**EXERCISE BRIEF:** Give the lines below again exactly, starting with the line that holds "Definition cvec (R" and going on through the line that holds "let B := Btilde R iota A Z in".

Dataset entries
- Opening Delimiter -

(* If $n_1=\dots=n_Q=n/Q$, then $\boldsymbol{c}_q[h]=\boldsymbol{b}_q[\mathcal{F}_h]$ for all $q,h$, $\hat{\boldsymbol{\theta}}_x[h]=\hat{\boldsymbol{\tau}}_x[\mathcal{F}_h]$, and $M_h=\frac{n}{4}\sum_{f\in\mathcal{F}_h}\hat{\boldsymbol{\tau}}_{x,f}'\boldsymbol{S}_{xx}^{-1}\hat{\boldsymbol{\tau}}_{x,f}$.
   Context: Setup ($2^K$ factorial experiment, finite population). $K\ge1$ two-level factors, $Q=2^K$ treatment combinations $q=1,\dots,Q$; combination $q$ sets factor $k$ at $\iota_k(q)\in\{-1,+1\}$, bijectively onto $\{-1,+1\}^K$. $F=Q-1$ factorial effects, one per nonempty $A\subseteq\{1,\dots,K\}$, enumerated $f=1,\dots,F$, with $g_{fq}=\prod_{k\in A}\iota_k(q)$; $\boldsymbol{b}_q=(g_{1q},\dots,g_{Fq})'$. Units $i=1,\dots,n$ with covariates $\boldsymbol{x}_i\in\mathbb{R}^L$; $\boldsymbol{S}_{xx}$ their finite-population covariance (divisor $n-1$, nonsingular). Treatment groups of sizes $n_q\ge1$; $\hat{\bar{\boldsymbol{x}}}(q)$ is the covariate mean in group $q$; $\hat{\boldsymbol{\tau}}_{x,f}=2^{-(K-1)}\sum_qg_{fq}\hat{\bar{\boldsymbol{x}}}(q)$; $\hat{\boldsymbol{\tau}}_x[\mathcal{I}]$ is the concatenation of $\hat{\boldsymbol{\tau}}_{x,f}$, $f\in\mathcal{I}$ (in increasing order). Tiers: partition $\{1,\dots,F\}$ into disjoint nonempty $\mathcal{F}_1,\dots,\mathcal{F}_H$, $\mathcal{F}_{\overline h}=\bigcup_{l\le h}\mathcal{F}_l$. $\tilde{\boldsymbol{B}}=2^{-2(K-1)}\sum_qn_q^{-1}\boldsymbol{b}_q\boldsymbol{b}_q'$; $\boldsymbol{b}_q[\mathcal{I}]$ subvector, $\tilde{\boldsymbol{B}}[\mathcal{I},\mathcal{J}]$ submatrix. $\boldsymbol{c}_q[1]=\boldsymbol{b}_q[\mathcal{F}_1]$, and for $h\ge2$, $\boldsymbol{c}_q[h]=\boldsymbol{b}_q[\mathcal{F}_h]-\tilde{\boldsymbol{B}}[\mathcal{F}_h,\mathcal{F}_{\overline{h-1}}]\{\tilde{\boldsymbol{B}}[\mathcal{F}_{\overline{h-1}},\mathcal{F}_{\overline{h-1}}]\}^{-1}\boldsymbol{b}_q[\mathcal{F}_{\overline{h-1}}]$. $\hat{\boldsymbol{\theta}}_x[h]=2^{-(K-1)}\sum_q\boldsymbol{c}_q[h]\otimes\hat{\bar{\boldsymbol{x}}}(q)$, $\boldsymbol{W}_{xx}[h]=2^{-2(K-1)}\sum_qn_q^{-1}(\boldsymbol{c}_q[h]\boldsymbol{c}_q[h]')\otimes\boldsymbol{S}_{xx}$, $M_h=\hat{\boldsymbol{\theta}}_x[h]'\boldsymbol{W}_{xx}[h]^{-1}\hat{\boldsymbol{\theta}}_x[h]$. *)

From HB Require Import structures.
From mathcomp Require Import all_boot all_order all_algebra.
From mathcomp Require Import mxtens.
Set Implicit Arguments. Unset Strict Implicit. Unset Printing Implicit Defensive.
Import Order.TTheory GRing.Theory Num.Theory.
Local Open Scope ring_scope.

(* Conventions:
   - treatment combinations q are indexed by 'I_(2^K); the level of factor k
     in combination q is  iota q k : bool  (true = +1, false = -1);
   - factorial effects f are indexed by 'I_(2^K).-1, effect f corresponds to
     the nonempty set  A f : {set 'I_K}  of factors;
   - units i : 'I_n, covariates x i : 'cV[R]_L, assignment Z i : 'I_(2^K). *)

Definition sgn (R : ringType) (b : bool) : R := if b then 1 else -1.

Definition gfq (R : ringType) (K : nat) (iota : 'I_(2 ^ K) -> {ffun 'I_K -> bool})
  (A : 'I_(2 ^ K).-1 -> {set 'I_K}) (f : 'I_(2 ^ K).-1) (q : 'I_(2 ^ K)) : R :=
  \prod_(k in A f) sgn R (iota q k).

Definition bvec (R : ringType) (K : nat) (iota : 'I_(2 ^ K) -> {ffun 'I_K -> bool})
  (A : 'I_(2 ^ K).-1 -> {set 'I_K}) (q : 'I_(2 ^ K)) : 'cV[R]_((2 ^ K).-1) :=
  \col_f gfq R iota A f q.

Definition nq (n K : nat) (Z : 'I_n -> 'I_(2 ^ K)) (q : 'I_(2 ^ K)) : nat :=
  #|[set i | Z i == q]|.

Definition gmean (R : fieldType) (n L K : nat) (x : 'I_n -> 'cV[R]_L)
  (Z : 'I_n -> 'I_(2 ^ K)) (q : 'I_(2 ^ K)) : 'cV[R]_L :=
  (nq Z q)%:R^-1 *: \sum_(i | Z i == q) x i.

Definition xmean (R : fieldType) (n L : nat) (x : 'I_n -> 'cV[R]_L) : 'cV[R]_L :=
  n%:R^-1 *: \sum_i x i.

Definition Sxx (R : fieldType) (n L : nat) (x : 'I_n -> 'cV[R]_L) : 'M[R]_L :=
  (n.-1)%:R^-1 *: \sum_i ((x i - xmean x) *m (x i - xmean x)^T).

Definition tau_x (R : fieldType) (n L K : nat) (iota : 'I_(2 ^ K) -> {ffun 'I_K -> bool})
  (A : 'I_(2 ^ K).-1 -> {set 'I_K}) (x : 'I_n -> 'cV[R]_L)
  (Z : 'I_n -> 'I_(2 ^ K)) (f : 'I_(2 ^ K).-1) : 'cV[R]_L :=
  (2 ^ (K - 1))%:R^-1 *: \sum_q (gfq R iota A f q *: gmean x Z q).

(* subvector v[I] and submatrix B[I,J] (indices in increasing order) *)
Definition subv (R : Type) (m : nat) (I : {set 'I_m}) (v : 'cV[R]_m) : 'cV[R]_#|I| :=
  \col_i v (enum_val i) 0.
Definition subm (R : Type) (m : nat) (I J : {set 'I_m}) (B : 'M[R]_m)
  : 'M[R]_(#|I|, #|J|) :=
  \matrix_(i, j) B (enum_val i) (enum_val j).

(* concatenation \hat\tau_x[I] of the \hat\tau_{x,f}, f in I (increasing) *)
Definition tau_cat (R : Type) (F L : nat) (t : 'I_F -> 'cV[R]_L) (I : {set 'I_F})
  : 'cV[R]_(#|I| * L) :=
  \col_k t (enum_val (mxtens_unindex k).1) (mxtens_unindex k).2 0.

Definition Btilde (R : fieldType) (n K : nat) (iota : 'I_(2 ^ K) -> {ffun 'I_K -> bool})
  (A : 'I_(2 ^ K).-1 -> {set 'I_K}) (Z : 'I_n -> 'I_(2 ^ K)) : 'M[R]_((2 ^ K).-1) :=
  (2 ^ (2 * (K - 1)))%:R^-1 *:
    \sum_q ((nq Z q)%:R^-1 *: (bvec R iota A q *m (bvec R iota A q)^T)).

(* tiers: tier f = h means f \in F_h (tiers indexed 0..H-1) *)
Definition tierset (F H : nat) (tier : 'I_F -> 'I_H) (h : 'I_H) : {set 'I_F} :=
  [set f | tier f == h].
Definition tierbefore (F H : nat) (tier : 'I_F -> 'I_H) (h : 'I_H) : {set 'I_F} :=
  [set f | (tier f < h)%N].

Definition cvec (R : fieldType) (n K H : nat) (iota : 'I_(2 ^ K) -> {ffun 'I_K -> bool})
  (A : 'I_(2 ^ K).-1 -> {set 'I_K}) (Z : 'I_n -> 'I_(2 ^ K))
  (tier : 'I_(2 ^ K).-1 -> 'I_H) (q : 'I_(2 ^ K)) (h : 'I_H)
  : 'cV[R]_#|tierset tier h| :=
  let b := bvec R iota A q in
  let B := Btilde R iota A Z in
  if val h == 0%N then subv (tierset tier h) b
  else subv (tierset tier h) b
       - subm (tierset tier h) (tierbefore tier h) B
         *m invmx (subm (tierbefore tier h) (tierbefore tier h) B)
         *m subv (tierbefore tier h) b.

Definition theta_x (R : fieldType) (n L K H : nat) (iota : 'I_(2 ^ K) -> {ffun 'I_K -> bool})
  (A : 'I_(2 ^ K).-1 -> {set 'I_K}) (x : 'I_n -> 'cV[R]_L) (Z : 'I_n -> 'I_(2 ^ K))
  (tier : 'I_(2 ^ K).-1 -> 'I_H) (h : 'I_H) : 'cV[R]_(#|tierset tier h| * L) :=
  (2 ^ (K - 1))%:R^-1 *: \sum_q (cvec R iota A Z tier q h *t gmean x Z q).

Definition W_xx (R : fieldType) (n L K H : nat) (iota : 'I_(2 ^ K) -> {ffun 'I_K -> bool})
  (A : 'I_(2 ^ K).-1 -> {set 'I_K}) (x : 'I_n -> 'cV[R]_L) (Z : 'I_n -> 'I_(2 ^ K))
  (tier : 'I_(2 ^ K).-1 -> 'I_H) (h : 'I_H) : 'M[R]_(#|tierset tier h| * L) :=
  (2 ^ (2 * (K - 1)))%:R^-1 *:
    \sum_q ((nq Z q)%:R^-1 *:
      ((cvec R iota A Z tier q h *m (cvec R iota A Z tier q h)^T) *t Sxx x)).

Definition M_h (R : fieldType) (n L K H : nat) (iota : 'I_(2 ^ K) -> {ffun 'I_K -> bool})
  (A : 'I_(2 ^ K).-1 -> {set 'I_K}) (x : 'I_n -> 'cV[R]_L) (Z : 'I_n -> 'I_(2 ^ K))
  (tier : 'I_(2 ^ K).-1 -> 'I_H) (h : 'I_H) : R :=
  ((theta_x iota A x Z tier h)^T *m invmx (W_xx iota A x Z tier h)
     *m theta_x iota A x Z tier h) 0 0.

From HB Require Import structures.
From mathcomp Require Import all_boot all_order all_algebra.
From mathcomp Require Import mxtens.
From mathcomp Require Import ring zify.
Import Order.TTheory GRing.Theory Num.Theory.
Local Open Scope ring_scope.

(* The contrast vectors b_q of a full 2^K design are orthogonal,
   sum_q g_fq g_f'q = 2^K [f = f'], since flipping one factor of the symmetric
   difference A f (+) A f' reverses the sign of g_fq g_f'q.  With equal group
   sizes n/2^K the Gram matrix Btilde is therefore the scalar matrix 4/n, its
   off-diagonal blocks vanish, and the Gram-Schmidt corrections in c_q[h]
   disappear.  Hence W_xx[h] = (4/n) (I (x) S_xx), and the quadratic form M_h
   splits into one term per effect of tier h. *)

Lemma sgn_prodM (R : comNzRingType) K (s : 'I_K -> bool) (X Y : {set 'I_K}) :
  \prod_(k in X) sgn R (s k) * \prod_(k in Y) sgn R (s k)
  = \prod_(k | (k \in X) != (k \in Y)) sgn R (s k).
Proof.
rewrite (big_mkcond (mem X)) (big_mkcond (mem Y)) -big_split [RHS]big_mkcond /=.
apply: eq_bigr => k _.
by case: (k \in X) (k \in Y) (s k) => [] [] []; rewrite /sgn /= ?mulr1 ?mul1r ?mulrNN ?mulr1.
Qed.

Lemma sum_ffun_sgn_prod_eq0 (R : numDomainType) K (D : pred 'I_K) k0 : D k0 ->
  \sum_(g : {ffun 'I_K -> bool}) \prod_(k | D k) sgn R (g k) = 0.
Proof.
move=> Dk0; set S := \sum_g _.
pose flip (g : {ffun 'I_K -> bool}) := [ffun k => if k == k0 then ~~ g k else g k].
have flipK : involutive flip.
  by move=> g; apply/ffunP => k; rewrite !ffunE; case: eqP => // _; rewrite negbK.
have flipN g : \prod_(k | D k) sgn R (flip g k) = - \prod_(k | D k) sgn R (g k).
  rewrite (bigD1 k0) //= [in RHS](bigD1 k0) //= ffunE eqxx -mulNr.
  congr (_ * _); first by rewrite /sgn; case: (g k0); rewrite ?opprK.
  by apply: eq_bigr => k /andP[_ /negbTE k_neq0]; rewrite ffunE k_neq0.
have S_opp : S = - S.
  by rewrite {1}/S (reindex_inj (inv_inj flipK)) -sumrN; apply: eq_bigr => g _.
have /eqP : S *+ 2 = 0 by rewrite mulr2n {1}S_opp addNr.
by rewrite mulrn_eq0 => /eqP.
Qed.

Lemma gfq_orthogonal (R : numDomainType) K (iota : 'I_(2 ^ K) -> {ffun 'I_K -> bool})
    (A : 'I_(2 ^ K).-1 -> {set 'I_K}) :
  bijective iota -> injective A ->
  forall f f', \sum_q gfq R iota A f q * gfq R iota A f' q = (f == f')%:R * (2 ^ K)%:R.
Proof.
move=> iota_bij A_inj f f'; rewrite /gfq.
under eq_bigr do rewrite sgn_prodM.
have [<-|f_neq] := eqVneq f f'.
  rewrite mul1r -[in RHS](card_ord (2 ^ K)) -sumr_const.
  by apply: eq_bigr => q _; rewrite big_pred0 // => k; rewrite eqxx.
have [k0 Ak0] : exists k0, (k0 \in A f) != (k0 \in A f').
  apply/existsP; apply: contraNT f_neq => /existsPn A_eq.
  by apply/eqP/A_inj/setP => k; apply/eqP; rewrite -[_ == _]negbK A_eq.
rewrite mul0r -(reindex iota (P := xpredT)
  (F := fun g => \prod_(k | (k \in A f) != (k \in A f')) sgn R (g k))).
  exact: sum_ffun_sgn_prod_eq0 Ak0.
exact: onW_bij.
Qed.

Lemma sum_mxtens_index (V : nmodType) m p (F : 'I_(m * p) -> V) :
  \sum_k F k = \sum_(i < m) \sum_(j < p) F (mxtens_index (i, j)).
Proof.
rewrite pair_big (reindex (@mxtens_index m p)) /=; first by apply: eq_bigr => -[].
by exists (@mxtens_unindex m p) => k _; rewrite ?mxtens_indexK ?mxtens_unindexK.
Qed.

Lemma tensmx11 (R : nzRingType) m p : (1%:M : 'M[R]_m) *t (1%:M : 'M[R]_p) = 1%:M.
Proof.
apply/matrixP => k l.
case: (mxtens_indexP k) => i j; case: (mxtens_indexP l) => i' j'.
rewrite tensmxE !mxE -natrM mulnb (inj_eq (can_inj (@mxtens_indexK m p))).
by rewrite xpair_eqE.
Qed.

- Closing Delimiter -

**REPLY:**
Definition cvec (R : fieldType) (n K H : nat) (iota : 'I_(2 ^ K) -> {ffun 'I_K -> bool})
  (A : 'I_(2 ^ K).-1 -> {set 'I_K}) (Z : 'I_n -> 'I_(2 ^ K))
  (tier : 'I_(2 ^ K).-1 -> 'I_H) (q : 'I_(2 ^ K)) (h : 'I_H)
  : 'cV[R]_#|tierset tier h| :=
  let b := bvec R iota A q in
  let B := Btilde R iota A Z in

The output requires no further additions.